Каждая семейная пара имеет свою историю. Но их случай – особый. Судьба подарила им такое количество встреч, событий и впечатлений, что хватило бы на целый роман. Он – композитор Александр Журбин, автор первой советской рок-оперы «Орфей и Эвридика». Она – Ирина Гинзбург, дочь известного публициста и переводчика Льва Гинзбурга. Вот уже пятнадцать лет Ира вместе с мужем и сыном Львом живет в Нью-Йорке. Там она работала телеведущей на русско-американском ТВ, а в какой-то момент решила засесть за мемуары. В один из приездов в Москву Ирина передала «Атмосфере» отрывки из своей книги «Без поблажек» – вместе с правом их первой публикации.
25 февраля 1976 года я ненадолго забежала к своим родителям. Папа попросил меня сходить в булочную и купить кекс, чтобы было чем угостить какого-то ленинградского композитора по фамилии Журбин, который написал музыку на его переводы из немецких народных баллад.
Я тут же навострила ушки. Мне давно хотелось писать песни.
Одна, написанная вместе с замечательным композитором Эдуардом Колмановским, уже была у меня в запасе. Называлась она «Все, что было, то прошло». Исполняла ее сама Людмила Зыкина.
Когда я познакомилась с ней на записи, она очень удивилась, что автор песни – совсем молодая девушка, а не зрелая «тетя», у которой уже так много всего за плечами было и успело пройти…
(Мне-то самой всегда кажется, что все лучшее еще только впереди, и мое сердце всегда распахнуто навстречу радости…)
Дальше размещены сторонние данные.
Lemma queue_first_factor : Q a = 0 :: iota 1 (a - 1).
Proof.
have a_N : 1 <= a <= N by rewrite size_Vword_S; lia.
rewrite (queue_blocked step a_N queue_one) ?queue_one // => p; rewrite mem_iota => p_lt.
by rewrite !nth_Vword_first // ?nth_vword0; [apply: nth_vword_neq_c1 | ]; lia.
Qed.

Lemma x_blocks_if_c1_pushed : pushed Q a -> two_full_blocks L.+1 (cfg cs (a + a)).
Proof.
move=> pa; have a_N : a < N by rewrite size_Vword_S; lia.
have Qa1 : Q a.+1 = 0 :: rcons (iota 1 (a - 1)) a.
  by rewrite (queue_push step a_N pa) queue_first_factor.
have aa_N : a.+1 <= a + a <= N by rewrite size_Vword_S; lia.
have Q2a : Q (a + a) = Q a.+1 ++ iota a.+1 (a + a - a.+1).
  apply: (queue_blocked step aa_N Qa1) => p; rewrite mem_iota => p_lt.
  rewrite nth_Vword_second ?nth_Vword_first ?nth_vword0 //; last by lia.
  by apply: nth_vword_neq_c1; lia.
exists 0, 1; split; [lia | lia | by [] | left].
split=> p; rewrite ?xblock0 ?xblock1 mem_iota => p_lt; change (p \in Q (a + a));
  rewrite Q2a Qa1 mem_cat inE mem_rcons inE !mem_iota; lia.
Qed.

Lemma first_push_after_c1_matched : ~~ pushed Q a ->
    (exists2 p, a <= p < a + a & pushed Q p) ->
  exists q, [/\ a < q < a + a, pushed Q q & Q q = iota (q - a) (a - (q - a))].
Proof.
move=> pa [p p_lt pp]; have a_N : a < N by rewrite size_Vword_S; lia.
have Qa1 : Q a.+1 = iota 1 (a - 1).
  have [j [Q' [Qa _ ->]]] := queue_pop step a_N pa.
  by move: Qa; rewrite queue_first_factor; case=> _ <-.
have ex_q : exists q, (a < q < a + a) && pushed Q q.
  exists p; rewrite pp andbT.
  by have [pa' | ] := eqVneq p a; [rewrite -pa' pp in pa | lia].
case: (ex_minnP ex_q) => q /andP [q_lt pq] q_min; exists q; split=> //.
have Qq : Q q = drop (q - a.+1) (Q a.+1).
  apply: (queue_only_pops step) => [|t t_lt]; first by rewrite size_Vword_S; lia.
  by apply/negP => pt; have := q_min t; rewrite pt andbT (_ : a < t < a + a); lia.
by rewrite Qq Qa1 drop_iota; congr iota; lia.
Qed.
Итак, я пошла отворять дверь своему потенциальному соавтору, но в первую же секунду поняла, что на пороге в пушистой ушанке стоит мой будущий муж и отец моего сына. Наверное, в это трудно поверить, но в моей жизни не раз случались прозрения, и, может быть, в прошлой жизни я была ведьмой или колдуньей, хотя первое мне ближе…
Кстати, когда я впервые очутилась в Испании, я всем нутром ощутила, что именно здесь меня, ведьму, жарили на костре инквизиции. Говорю я об этом как бы шутя, но все не так просто…
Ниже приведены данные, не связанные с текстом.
Lemma ler_linf_distD z x y : linf (x - y) <= (linf (x - z) + linf (z - y) : R).
Proof. have -> : x - y = (x - z) + (z - y) by rewrite addrA subrK. exact: ler_linfD. Qed.

Lemma linf_le_l2 v : linf v <= (l2 v : R).
Proof.
apply: linf_le => [|i]; first exact: sqrtr_ge0.
rewrite intr_norm -sqrtr_sqr /l2 ler_sqrt; last by apply: sumr_ge0 => j _; rewrite ler0z sqr_ge0.
rewrite (bigD1 i) //= -rmorphXn /= lerDl.
by apply: sumr_ge0 => j _; rewrite ler0z sqr_ge0.
Qed.

Definition box_pt x (k n : nat) (g : {ffun 'I_d -> 'I_n}) : pt d :=
  x + \row_i ((g i : nat)%:Z - k%:Z).

Lemma finite_ball_inf x (r : R) : finite_set (ball_inf x r).
Proof.
have [k r_le_k] : exists k : nat, r <= k%:R.
  exists (Num.truncn `|r|).+1; apply: le_trans (ler_norm r) _.
  by apply: ltW; rewrite truncnS_gt.
apply: (@sub_finite_set _ _ (box_pt x k (k.*2).+1 @` setT)); last first.
  by apply: finite_image; exact: finite_finset.
move=> z zx; have : `|(z - x) ord0 _| <= k%:Z.
  by move=> i; rewrite -(ler_int R); apply: le_trans (coord_le_linf _ i) (le_trans zx r_le_k).
pose g := [ffun i : 'I_d => (inord (absz ((z - x) ord0 i + k%:Z)) : 'I_(k.*2).+1)].
move=> coord_le; exists g => //; apply/matrixP => a i; rewrite (ord1 a) /box_pt !mxE /g ffunE.
have /ler_normlP := coord_le i; rewrite mxE => -[lo hi].
rewrite inordK; last by rewrite ltnS; lia.
by rewrite gez0_abs ?addrK; [rewrite mxE addrC subrK | lia].
Qed.

Lemma card_ball_inf_ge x (r : R) : 0 <= r -> r ^+ d <= Defs.card (ball_inf x r).
Proof.
move=> r_ge0; have /andP[k_le_r r_lt_kS] := truncn_itv r_ge0.
set k := Num.truncn r in k_le_r r_lt_kS.
apply: (@le_trans _ _ ((k.+1 ^ d)%N%:R)).
  by rewrite natrX; apply: lerXn2r; rewrite ?nnegrE ?ler0n //; exact: ltW.
rewrite /Defs.card ler_nat.
have <- : size (map (box_pt x 0 k.+1) (enum {ffun 'I_d -> 'I_k.+1})) = (k.+1 ^ d)%N.
  by rewrite size_map -cardE card_ffun !card_ord.
apply: uniq_leq_size.
  rewrite map_inj_uniq ?enum_uniq // => g g' /addrI /matrixP box_eq.
  apply/ffunP => i; have := box_eq ord0 i; rewrite !mxE !subr0 => /eqP.
  by rewrite eqz_nat => /eqP /val_inj.
move=> _ /mapP [g _ ->]; rewrite in_fset_set; last exact: finite_ball_inf.
apply/mem_set; rewrite /ball_inf /= /box_pt addrAC subrr add0r; apply: linf_le => // i.
rewrite mxE subr0; apply: le_trans k_le_r; rewrite -[k%:R]/((k%:Z)%:~R) ler_int.
by rewrite ger0_norm // lez_nat -ltnS.
Qed.

Lemma card_setID A C : finite_set A ->
  Defs.card A = Defs.card (A `&` C) + Defs.card (A `\` C) :> R.
Proof.
move=> finA; have finAC : finite_set (A `&` C) by exact: finite_setIl.
have -> : A `\` C = A `\` (A `&` C).
  apply/seteqP; split => z /= [Az nCz]; split => //; first by case.
  by move=> Cz; apply: nCz.
have AAC : A `&` C = A `&` (A `&` C) by rewrite setIA setIid.
by rewrite /Defs.card [in X in _ = X + _]AAC fset_setI // fset_setD // -natrD cardfsID.
Qed.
Не все так просто оказалось и с Журбиным…
После долгого разговора с моим отцом он сел за пианино, которое папа давным-давно купил специально для меня. Когда Журбин начал играть и петь, мы просто онемели. Сколько жизни от него исходило, сколько яркости, энергии, таланта и страсти! С шумным натиском, ополчившись на клавиши, он наяривал как безумный и своим хриплым голосом перекрывал все регис-тры. Казалось, что он сам испытывает от этого невероятное наслаждение, и, глядя на него, я все больше убеждалась в том, что это именно тот человек, который мне нужен. «Вот от него я рожу», – думала я, не сомневаясь, что это будет именно сын, именно мальчик, похожий на Журбина.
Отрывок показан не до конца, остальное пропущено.